Years later, an obscure mathematician from the former Soviet Union, Friedman, applied the field equations without the cosmological constant and developed a model of an expanding or pulsating universe. Friedman's universe is uniform and isotropic in three-dimensional space, but it is not static. This model changes over time and can be categorized into three scenarios: the first scenario has a negative curvature of three-dimensional space; the second has zero curvature, meaning it is flat; and the third scenario has positive curvature. In the first two cases, the universe continuously expands; in the third case, the universe expands to a maximum size before starting to contract, then expands again, and contracts once more, resulting in a pulsating universe. Friedman's model was initially published in a lesser-known journal. Later, some mathematicians and physicists in Western Europe developed similar models. When Einstein learned of these expanding or pulsating universe models, he was thrilled and believed his own model was flawed and should be abandoned, asserting that Friedman's model was the correct one.
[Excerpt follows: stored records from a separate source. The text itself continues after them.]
Lemma plus_trule_sat r : List.In r (g_rules G) -> g_op r = f ->
  (exists s, agrees ts s /\
     prem_sat (map (psem (Gplus G)) ts) s (t_prem (plus_trule r))) <->
  forall x, List.In x (prems_of r) -> ~ refutes x.
Proof.
move=> Hr Hop; have [Hwpos [Hwneg _]] := HG Hr.
have arg i : i < g_ar G (g_op r) -> exists t, onth ts i = Some t /\ List.In t ts.
  by rewrite Hop -Hsz => /onth_lt [t Ht]; exists t; split=> //; apply: onth_In Ht.
split.
- move=> [s [_ [Hpos [_ [Hppos _]]]]] x.
  case/List.in_app_iff=> /List.in_map_iff [[i b] [<- Hib]] /=.
  + move=> [t [Ht Hb]]; have [k Hk] := In_onth Hib.
    have /onth_map_exists [t' [Ht' Htr]] := Hpos _ _ _ Hk.
    move: Ht'; rewrite Ht => -[Et]; subst t'.
    by move/(IHcannot (onth_In Ht)): Hb; apply; exists (s (GY k)).
  + move=> [t [u [Ht Htr]]].
    have /onth_map_exists [t' [Ht' Hb]] := Hppos _ _ Hib.
    move: Ht'; rewrite Ht => -[Et]; subst t'.
    by move/(IHcannot (onth_In Ht)): Hb; apply; exists u.
- move=> Hen.
  have [|s [Hag Hpos]] := @exists_agreeing_subst _ _ (ptrans (Gplus G)) ts
    (g_pos r) (App f ts).
    move=> k i b Hk; have [t [Ht Hin]] := arg i (Hwpos _ _ _ Hk).
    exists t; apply: NNPP => Hno; apply: (Hen (inl (i, b))).
      apply/List.in_app_iff; left; apply/List.in_map_iff.
      by exists (i, b); split=> //; apply: onth_In Hk.
    exists t; split=> //; apply/(IHcannot Hin) => -[u Hu].
    by apply: Hno; exists u.
  exists s; split=> //; split; [|split; [by []|split; [|by []]]].
  + by move=> k i b /Hpos [t [Ht Htr]]; apply/onth_map_exists; exists t.
  + move=> i b Hib; have [t [Ht Hin]] := arg i (Hwneg _ _ Hib).
    apply/onth_map_exists; exists t; split=> //.
    apply/(IHcannot Hin) => -[u Hu]; apply: (Hen (inr (i, b))).
      by apply/List.in_app_iff; right; apply/List.in_map_iff; exists (i, b).
    by exists t, u.
Qed.

Lemma exists_ptrans_Gplus_App a :
  (exists t', ptrans (Gplus G) (App f ts) a t') <->
  exists r, List.In r (R_fa G f a) /\
    forall x, List.In x (prems_of r) -> ~ refutes x.
Proof.
split.
- move=> [t' /ptrans_Gplus_App [r [Hr [Hop [Hact [s [Hag [Hsat _]]]]]]]].
  exists r; split; first by apply/List.filter_In; rewrite Hop Hact !eqxx.
  by apply/plus_trule_sat => //; exists s.
- move=> [r [/List.filter_In [Hr /andP [/eqP Hop /eqP Hact]]]].
  move=> /(plus_trule_sat Hr Hop) [s [Hag Hsat]].
  exists (subst s (g_tgt r)); apply/ptrans_Gplus_App.
  by exists r; do 3 split=> //; exists s.
Qed.

Lemma Gplus_cannot_App a :
  pholds (Gplus G) (App f ts) a <->
  ~ exists t', ptrans (Gplus G) (App f ts) a t'.
Proof.
have blocked : (~ exists t', ptrans (Gplus G) (App f ts) a t') <->
    forall r, List.In r (R_fa G f a) ->
      exists x, List.In x (prems_of r) /\ refutes x.
  rewrite exists_ptrans_Gplus_App; split=> [H r Hr|H [r [Hr Hen]]].
    apply: NNPP => Hno; apply: H; exists r; split=> // x Hx Href.
    by apply: Hno; exists x.
  by have [x [Hx Href]] := H r Hr; apply: Hen Href.
rewrite blocked pholds_Gplus_App; have [Har|Har] := posnP (g_ar G f).
- have Hnil r : List.In r (R_fa G f a) -> prems_of r = [::].
    move=> /List.filter_In [Hr /andP [/eqP Hop _]].
    by apply: prems_of_nullary (HG Hr) _; rewrite Hop.
  split=> [[[_ Hnone] r Hr|[]]|H]; rewrite ?Har //.
    move/negP: Hnone; case; apply/List.existsb_exists; exists r.
    by case/List.filter_In: Hr.
  left; split=> //; apply/negP => /List.existsb_exists [r [Hr Hp]].
  have Hr' : List.In r (R_fa G f a) by apply/List.filter_In.
  by have [x []] := H r Hr'; rewrite Hnil.
- rewrite -(choices_spec refutes); split.
    case=> [[Har0 _]|[_ [ch [Hch Hs]]]]; first by rewrite Har0 in Har.
    by exists ch; split=> //; apply/neg_prems_sat.
  move=> [ch [Hch Href]]; right; split=> //.
  by exists ch; split=> //; apply/neg_prems_sat.
Qed.

End Step.

Lemma Gplus_cannot p a : wf_closed (g_ar G) p ->
  pholds (Gplus G) p a <-> ~ exists p', ptrans (Gplus G) p a p'.
Proof.
move=> Hp; move: p Hp a; apply: wf_closed_ind => f ts Hsz _ IH a.
exact: Gplus_cannot_App.
Qed.

Definition gprem_sat (Ts : seq (A -> cterm F -> Prop)) (s : gvar -> cterm F)
    (r : gsos_rule F A) : Prop :=
  (forall k i b, onth (g_pos r) k = Some (i, b) ->
     exists T, onth Ts i = Some T /\ T b (s (GY k))) /\
  (forall i b, List.In (i, b) (g_neg r) ->
     exists T, onth Ts i = Some T /\ forall u, ~ T b u).

Lemma gtrans_App f ts c t' :
  gtrans G (App f ts) c t' <->
  exists r, List.In r (g_rules G) /\ g_op r = f /\ g_act r = c /\
    exists s, agrees ts s /\ gprem_sat (map (gtrans G) ts) s r /\
      t' = subst s (g_tgt r).
Proof.
split.
- move=> [r [Hr [Hop [Hact [s [Hag [Hpos [Hneg ->]]]]]]]].
  by exists r; do 3 split=> //; exists s.
- move=> [r [Hr [Hop [Hact [s [Hag [[Hpos Hneg] ->]]]]]]].
  by exists r; do 3 split=> //; exists s.
Qed.

Lemma prem_sat_plus_trule ts s r :
  (forall t, List.In t ts -> forall b u,
     gtrans G t b u <-> ptrans (Gplus G) t b u) ->
  (forall t, List.In t ts -> forall b,
     pholds (Gplus G) t b <-> ~ exists u, ptrans (Gplus G) t b u) ->
  prem_sat (map (psem (Gplus G)) ts) s (t_prem (plus_trule r)) <->
  gprem_sat (map (gtrans G) ts) s r.
Proof.
move=> IHtrans IHcannot.
split=> [[Hpos [_ [Hppos _]]]|[Hpos Hneg]]; first split.
- move=> k i b /Hpos /onth_map_exists [t [Ht Htr]].
  by apply/onth_map_exists; exists t; split=> //; apply/(IHtrans t (onth_In Ht)).
- move=> i b /Hppos /onth_map_exists [t [Ht Hb]].
  apply/onth_map_exists; exists t; split=> // u /(IHtrans t (onth_In Ht)) Hu.
  by move/(IHcannot t (onth_In Ht)): Hb; apply; exists u.
- split; [|split; [by []|split; [|by []]]].
  + move=> k i b /Hpos /onth_map_exists [t [Ht Htr]].
    by apply/onth_map_exists; exists t; split=> //; apply/(IHtrans t (onth_In Ht)).
  + move=> i b /Hneg /onth_map_exists [t [Ht Hno]].
    apply/onth_map_exists; exists t; split=> //.
    by apply/(IHcannot t (onth_In Ht)) => -[u /(IHtrans t (onth_In Ht))/Hno].
Qed.

Lemma gtrans_Gplus p a p' : wf_closed (g_ar G) p ->
  gtrans G p a p' <-> ptrans (Gplus G) p a p'.
Proof.
move=> Hp; move: p Hp a p'; apply: wf_closed_ind => f ts _ Hts IH a p'.
have IHcannot t (Ht : List.In t ts) b := Gplus_cannot b (Hts t Ht).
rewrite gtrans_App ptrans_Gplus_App.
by split=> -[r [Hr [Hop [Hact [s [Hag [Hsat ->]]]]]]]; exists r; do 3 split=> //;
  exists s; do 2 split=> //; apply/(prem_sat_plus_trule _ _ IH IHcannot).
Qed.

End GplusSemantics.

Theorem lemma6 (F A : finType) (G : gsos F A) (HG : wf_gsos G)
    (p : cterm F) (a : A) (Hp : wf_closed (g_ar G) p) :
  (forall p' : cterm F, wf_closed (g_ar G) p' ->
     (gtrans G p a p' <-> ptrans (Gplus G) p a p')) /\
  (pholds (Gplus G) p a <->
     ~ (exists p' : cterm F, wf_closed (g_ar G) p' /\ ptrans (Gplus G) p a p')) /\
  (pholds (Gplus G) p a <->
     ~ (exists p' : cterm F, wf_closed (g_ar G) p' /\ gtrans G p a p')).
Proof.
have Hwf := ptrans_Gplus_wf HG Hp.
have Htrans p' := gtrans_Gplus HG a p' Hp.
have ptrans_wf : (exists p', wf_closed (g_ar G) p' /\ ptrans (Gplus G) p a p') <->
    exists p', ptrans (Gplus G) p a p'.
  split=> [[p' [_ Hp']]|[p' Hp']]; exists p' => //.
  by split=> //; apply: Hwf Hp'.
have gtrans_wf : (exists p', wf_closed (g_ar G) p' /\ gtrans G p a p') <->
    exists p', ptrans (Gplus G) p a p'.
  split=> [[p' [_ /Htrans Hp']]|[p' Hp']]; exists p'=> //.
  by split; [apply: Hwf Hp' | apply/Htrans].
split; first by move=> p' _; apply: Htrans.
by rewrite ptrans_wf gtrans_wf; split; apply: Gplus_cannot.
Qed.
At the same time, Einstein declared that adding the cosmological constant to the field equations of general relativity was a mistake; the equations should remain as they originally were. However, the cosmological constant, like the genie released from the bottle in "One Thousand and One Nights," could not be retracted. Subsequent scholars ignored Einstein's opinion and continued to discuss the significance of the cosmological constant. Today, there are two forms of the field equations in general relativity: one without the cosmological constant and another with it, both of which are utilized and researched by experts.
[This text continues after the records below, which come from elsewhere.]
Definition coxeter_system : Prop :=
  coxeter_matrix /\
  group_axioms (@cmul C) (@cinv C) (cone C) /\
  (forall s t : S, cm s t != 0%N ->
     gpow (@cmul C) (cone C) (cmul (cgen s) (cgen t)) (cm s t) = cone C) /\
  (forall w, exists ws, w = word_prod ws) /\
  (forall (G : Type) (mulG : G -> G -> G) (invG : G -> G) (oneG : G) (f : S -> G),
     group_axioms mulG invG oneG ->
     (forall s t : S, cm s t != 0%N -> gpow mulG oneG (mulG (f s) (f t)) (cm s t) = oneG) ->
     exists phi : W -> G, (forall x y, phi (cmul x y) = mulG (phi x) (phi y)) /\
                          (forall s : S, phi (cgen s) = f s)).

Definition is_length (w : W) (n : nat) : Prop :=
  (exists ws, word_prod ws = w /\ size ws = n) /\
  (forall ws, word_prod ws = w -> (n <= size ws)%N).

Definition len (w : W) : nat := epsilon (inhabits 0%N) (is_length w).

Definition reflection (t : W) : Prop :=
  exists u s, t = cmul (cmul u (cgen s)) (cinv u).

Definition bruhat_step (x y : W) : Prop :=
  exists t, reflection t /\ y = cmul x t /\ (len x < len y)%N.

Definition bruhat : W -> W -> Prop := clos_refl_trans W bruhat_step.
Definition bruhat_lt (x y : W) : Prop := bruhat x y /\ x <> y.

Definition reduced_expr (w : W) (ws : seq S) : Prop :=
  word_prod ws = w /\ size ws = len w.

Definition comm_move (ws1 ws2 : seq S) : Prop :=
  exists (u1 u2 : seq S) (s s' : S),
    ws1 = u1 ++ [:: s; s'] ++ u2 /\ ws2 = u1 ++ [:: s'; s] ++ u2 /\
    cmul (cgen s) (cgen s') = cmul (cgen s') (cgen s).

Definition fully_commutative (w : W) : Prop :=
  forall ws1 ws2, reduced_expr w ws1 -> reduced_expr w ws2 ->
    clos_refl_trans (seq S) comm_move ws1 ws2.

(* the parabolic subgroup <s, s'> (generators are involutions) *)
Definition in_parabolic2 (s s' : S) (u : W) : Prop :=
  exists bs : seq bool, u = word_prod (map (fun b => if b then s else s') bs).

Fixpoint strict_path (x : W) (l : seq W) : Prop :=
  match l with
  | [::] => True
  | y :: l' => bruhat_lt x y /\ strict_path y l'
  end.

End Cox.

(* The ring A = Z[q^{1/2}, q^{-1/2}], v = q^{1/2}                      *)
Section Rings.
Variables (A : comUnitRingType) (v : A).

Definition laurent_ring : Prop :=
  v \is a GRing.unit /\
  (forall a : A, exists (p : {poly int}) (n : nat),
      a = v ^- n * (map_poly (fun z : int => z%:~R) p).[v]) /\
  (forall p : {poly int}, (map_poly (fun z : int => z%:~R) p).[v] = 0 -> p = 0).

Definition evq (p : {poly int}) : A := (map_poly (fun z : int => z%:~R) p).[v ^+ 2].
Definition evu (p : {poly int}) : A := (map_poly (fun z : int => z%:~R) p).[v^-1].

Definition is_bar (bar : A -> A) : Prop :=
  (forall a b, bar (a + b) = bar a + bar b) /\ (forall a b, bar (a * b) = bar a * bar b) /\
  bar 1 = 1 /\ bar v = v^-1.
End Rings.

Section Hecke.
Variables (C : coxeter_datum) (A : comUnitRingType) (v : A) (H : algType A)
          (T : cW C -> H).
Local Notation W := (cW C).
Local Notation q := (v ^+ 2).

Definition is_hecke : Prop :=
  T (cone C) = 1 /\
  (forall w s, (len w < len (cmul w (cgen s)))%N -> T w * T (cgen s) = T (cmul w (cgen s))) /\
  (forall w s, (len (cmul w (cgen s)) < len w)%N ->
      T w * T (cgen s) = q *: T (cmul w (cgen s)) + (q - 1) *: T w) /\
  (forall h : H, exists (l : seq W) (c : W -> A), h = \sum_(w <- l) c w *: T w) /\
  (forall (l : seq W) (c : W -> A), uniq l -> \sum_(w <- l) c w *: T w = 0 ->
      forall w, w \in l -> c w = 0).

Definition is_iota (bar : A -> A) (iota : H -> H) : Prop :=
  (forall h k, iota (h + k) = iota h + iota k) /\ (forall h k, iota (h * k) = iota h * iota k) /\
  iota 1 = 1 /\ (forall (a : A) h, iota (a *: h) = bar a *: iota h) /\
  (forall w, iota (T w) * T (cinv w) = 1 /\ T (cinv w) * iota (T w) = 1).

Definition J_generator (g : H) : Prop :=
  exists s s' : cS C,
    cmul (cgen s) (cgen s') <> cmul (cgen s') (cgen s) /\
    (exists n, (0 < n)%N /\ gpow (@cmul C) (cone C) (cmul (cgen s) (cgen s')) n = cone C) /\
    g = fsum (in_parabolic2 s s') T.

(* sigma : H -> TL(X) = H/J is the quotient map by the two-sided ideal J *)
Definition is_TL_projection (TL : algType A) (sigma : H -> TL) : Prop :=
  (forall h k, sigma (h + k) = sigma h + sigma k) /\ (forall h k, sigma (h * k) = sigma h * sigma k) /\
  sigma 1 = 1 /\ (forall (a : A) h, sigma (a *: h) = a *: sigma h) /\
  (forall y : TL, exists h, sigma h = y) /\
  (forall h, sigma h = 0 <->
     exists l : seq ((H * H) * H),
       (forall tr, tr \in l -> J_generator tr.1.2) /\
       h = \sum_(tr <- l) tr.1.1 * tr.1.2 * tr.2).

Definition TL_basis (TL : algType A) (sigma : H -> TL) : Prop :=
  (forall y : TL, exists (l : seq W) (c : W -> A),
      (forall w, w \in l -> fully_commutative w) /\ y = \sum_(w <- l) c w *: sigma (T w)) /\
  (forall (l : seq W) (c : W -> A), uniq l -> (forall w, w \in l -> fully_commutative w) ->
      \sum_(w <- l) c w *: sigma (T w) = 0 -> forall w, w \in l -> c w = 0).

Definition Cprime (P : W -> W -> {poly int}) (w : W) : H :=
  v ^- len w *: fsum (fun x => bruhat x w) (fun x => evq v (P x w) *: T x).

Definition is_KL (iota : H -> H) (P : W -> W -> {poly int}) : Prop :=
  (forall w, P w w = 1) /\
  (forall x w, ~ bruhat x w -> P x w = 0) /\
  (forall x w, bruhat_lt x w -> (2 * (size (P x w)).-1 < len w - len x)%N) /\
  (forall w, iota (Cprime P w) = Cprime P w).

(* the polynomials a_{y,w}: iota(t_w) = q^{-l(w)} sum_{y in W_c, y <= w} a_{y,w} t_y, *)
(* where the involution of TL(X) is induced by iota: iota(sigma h) = sigma(iota h). *)
Definition is_a (TL : algType A) (sigma : H -> TL) (iota : H -> H)
    (a : W -> W -> {poly int}) : Prop :=
  forall w, fully_commutative w ->
    sigma (iota (T w)) =
      q ^- len w *: fsum (fun y => fully_commutative y /\ bruhat y w)
                          (fun y => evq v (a y w) *: sigma (T y)) /\
    (forall y, fully_commutative y -> ~ bruhat y w -> a y w = 0).

(* the family L_{x,w} (elements of Z[q^{-1/2}], given as polynomials in q^{-1/2}) *)
Definition is_L (bar : A -> A) (a L : W -> W -> {poly int}) : Prop :=
  forall w, fully_commutative w ->
    (forall x, fully_commutative x -> ~ bruhat x w -> L x w = 0) /\
    L w w = 1 /\
    (forall x, fully_commutative x -> bruhat_lt x w -> (L x w)`_0 = 0) /\
    (forall x, fully_commutative x ->
       evu v (L x w) =
         fsum (fun y => fully_commutative y /\ bruhat x y /\ bruhat y w)
              (fun y => v ^ ((len x)%:Z - (len y)%:Z) * evq v (a x y) * bar (evu v (L y w)))).

Definition c_elt (TL : algType A) (sigma : H -> TL) (L : W -> W -> {poly int}) (w : W) : TL :=
  fsum (fun x => fully_commutative x /\ bruhat x w)
       (fun x => (v ^- len x * evu v (L x w)) *: sigma (T x)).

Definition condition_P (TL : algType A) (sigma : H -> TL) (P L : W -> W -> {poly int}) : Prop :=
  forall w, (fully_commutative w -> sigma (Cprime P w) = c_elt sigma L w) /\
            (~ fully_commutative w -> sigma (Cprime P w) = 0).

End Hecke.

Definition admissible_chain (C : coxeter_datum) (x w : cW C) (c : seq (cW C)) : Prop :=
  strict_path x (rcons c w) /\ (size c <= len w - len x - 1)%N /\
  (forall y, y \in c -> ~ fully_commutative y).

From HB Require Import structures.
From mathcomp Require Import all_boot all_order all_algebra.
From Stdlib Require Import Relations ClassicalEpsilon.
From mathcomp Require Import zify.
Set Implicit Arguments. Unset Strict Implicit. Unset Printing Implicit Defensive.
Import GRing.Theory.
Local Open Scope ring_scope.

(* Fix w in W_c, let U list the finite Bruhat interval [e, w], write        *)
(* Q(y,z) = P_{y,z}(q) and let R(y) be the signed chain sum of the theorem,  *)
(* so that the claim reads v^{-l(x)} L_{x,w} = v^{-l(w)} R(x).               *)
(* 1. Splitting off the first interior element of a chain gives              *)
(*      R(y) = Q(y,w) - sum_{y < z < w, z notin W_c} Q(y,z) R(z)             *)
(* 2. For z notin W_c, condition (P) gives sigma(C'_z) = 0, i.e.              *)
(*      t_z = - sum_{y < z} Q(y,z) t_y   (vanishing_Cprime_relation).         *)
(* 3. Substituting these relations into sigma(C'_w) = v^{-l(w)} sum_y         *)
(*    Q(y,w) t_y removes all t_z with z notin W_c; by 1. the coefficient left *)
(*    on t_x is v^{-l(w)} R(x) (eliminate_bad, sigma_Cprime_expansion).       *)
(* 4. Condition (P) for w gives sigma(C'_w) = c_w, whose coefficient on t_x   *)
(*    is v^{-l(x)} L_{x,w}; the t_y (y in W_c) form a basis (TL_coef_eq).    *)

Definition dec (P : Prop) : bool := if excluded_middle_informative P then true else false.

Lemma decP (P : Prop) : reflect P (dec P).
Proof. by rewrite /dec; case: excluded_middle_informative => h; constructor. Qed.

Lemma fsum_seq (T : eqType) (V : nmodType) (p : T -> Prop) (F : T -> V) (l : seq T) :
  uniq l -> (forall x, p x -> x \in l) -> (forall x, x \in l -> ~ p x -> F x = 0) ->
  fsum p F = \sum_(x <- l) F x.
Proof.
move=> l_uniq p_in_l F0.
set l0 := [seq x <- l | dec (p x)].
have l0_enum : enumerates l0 p.
  split; first by rewrite filter_uniq.
  move=> x; rewrite mem_filter; split; first by case/andP=> /decP.
  by move=> px; rewrite (p_in_l _ px) andbT; apply/decP.
have := epsilon_spec (inhabits [::]) (fun l => enumerates l p) (ex_intro _ l0 l0_enum).
rewrite /fsum; set e := epsilon _ _ => -[e_uniq e_enum].
have e_perm : perm_eq e l0.
  apply: uniq_perm => //; first by case: l0_enum.
  move=> x; apply/idP/idP => h; first exact/(proj2 l0_enum x)/e_enum.
  exact/e_enum/(proj2 l0_enum x).
rewrite (perm_big _ e_perm) /l0 big_filter big_mkcond /=.
by apply: eq_big_seq => x xl; case: decP => // np; rewrite F0.
Qed.

Section BruhatIntervals.
Variable C : coxeter_datum.
Local Notation W := (cW C).

Lemma bruhat_len (x y : W) : bruhat x y -> (len x <= len y)%N.
Proof.
elim=> [a b [t [_ [_ h]]]|a|a b c _ h1 _ h2]; [exact: ltnW|by []|exact: leq_trans h1 h2].
Qed.

Lemma bruhat_lt_len (x y : W) : bruhat_lt x y -> (len x < len y)%N.
Proof.
case=> /(clos_rt_rt1n _ _ _ _) h ne.
inversion h as [|y0 z [t [_ [_ lt_xy0]]] h']; first by subst.
exact: leq_trans lt_xy0 (bruhat_len (clos_rt1n_rt _ _ _ _ h')).
Qed.

Lemma len_spec (w : W) : (exists ws, w = word_prod ws) -> is_length w (len w).
Proof.
move=> [ws ->]; apply: epsilon_spec.
have has_word : exists n, dec (exists u, word_prod u = word_prod ws /\ size u = n).
  by exists (size ws); apply/decP; exists ws.
case: (ex_minnP has_word) => n /decP word_n n_min.
by exists n; split=> // u eu; apply: n_min; apply/decP; exists u.
Qed.

Fixpoint words (n : nat) : seq (seq (cS C)) :=
  if n is n'.+1 then [::] :: [seq s :: u | s <- enum (cS C), u <- words n'] else [:: [::]].

Lemma mem_words n ws : (size ws <= n)%N -> ws \in words n.
Proof.
elim: n ws => [|n IH] [|s ws] //= h.
rewrite inE; apply/orP; right; apply/allpairsP; exists (s, ws) => /=.
by rewrite mem_enum IH.
Qed.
As early as around 1910, astronomers discovered that most galaxies exhibited redshift phenomena, while a few showed blueshift. These phenomena can be explained by the Doppler effect. Light emitted from a source moving away from us appears to have a lower frequency and longer wavelength, resulting in redshift. Conversely, light from a source moving towards us shifts towards shorter wavelengths, causing blueshift. This phenomenon is similar to the Doppler effect with sound. Many people have experienced this: the sound of a train approaching is sharp and piercing, while the sound of a train moving away is noticeably duller.

If we consider the redshift and blueshift of galaxies as a Doppler effect, it suggests that most galaxies are moving away from us, with only a few approaching. Further research revealed that those few blueshifted galaxies were all within our own local group of galaxies (the group containing our Milky Way). In the local group, most galaxies exhibit redshift, while a minority show blueshift, whereas galaxies in other groups are entirely redshifted.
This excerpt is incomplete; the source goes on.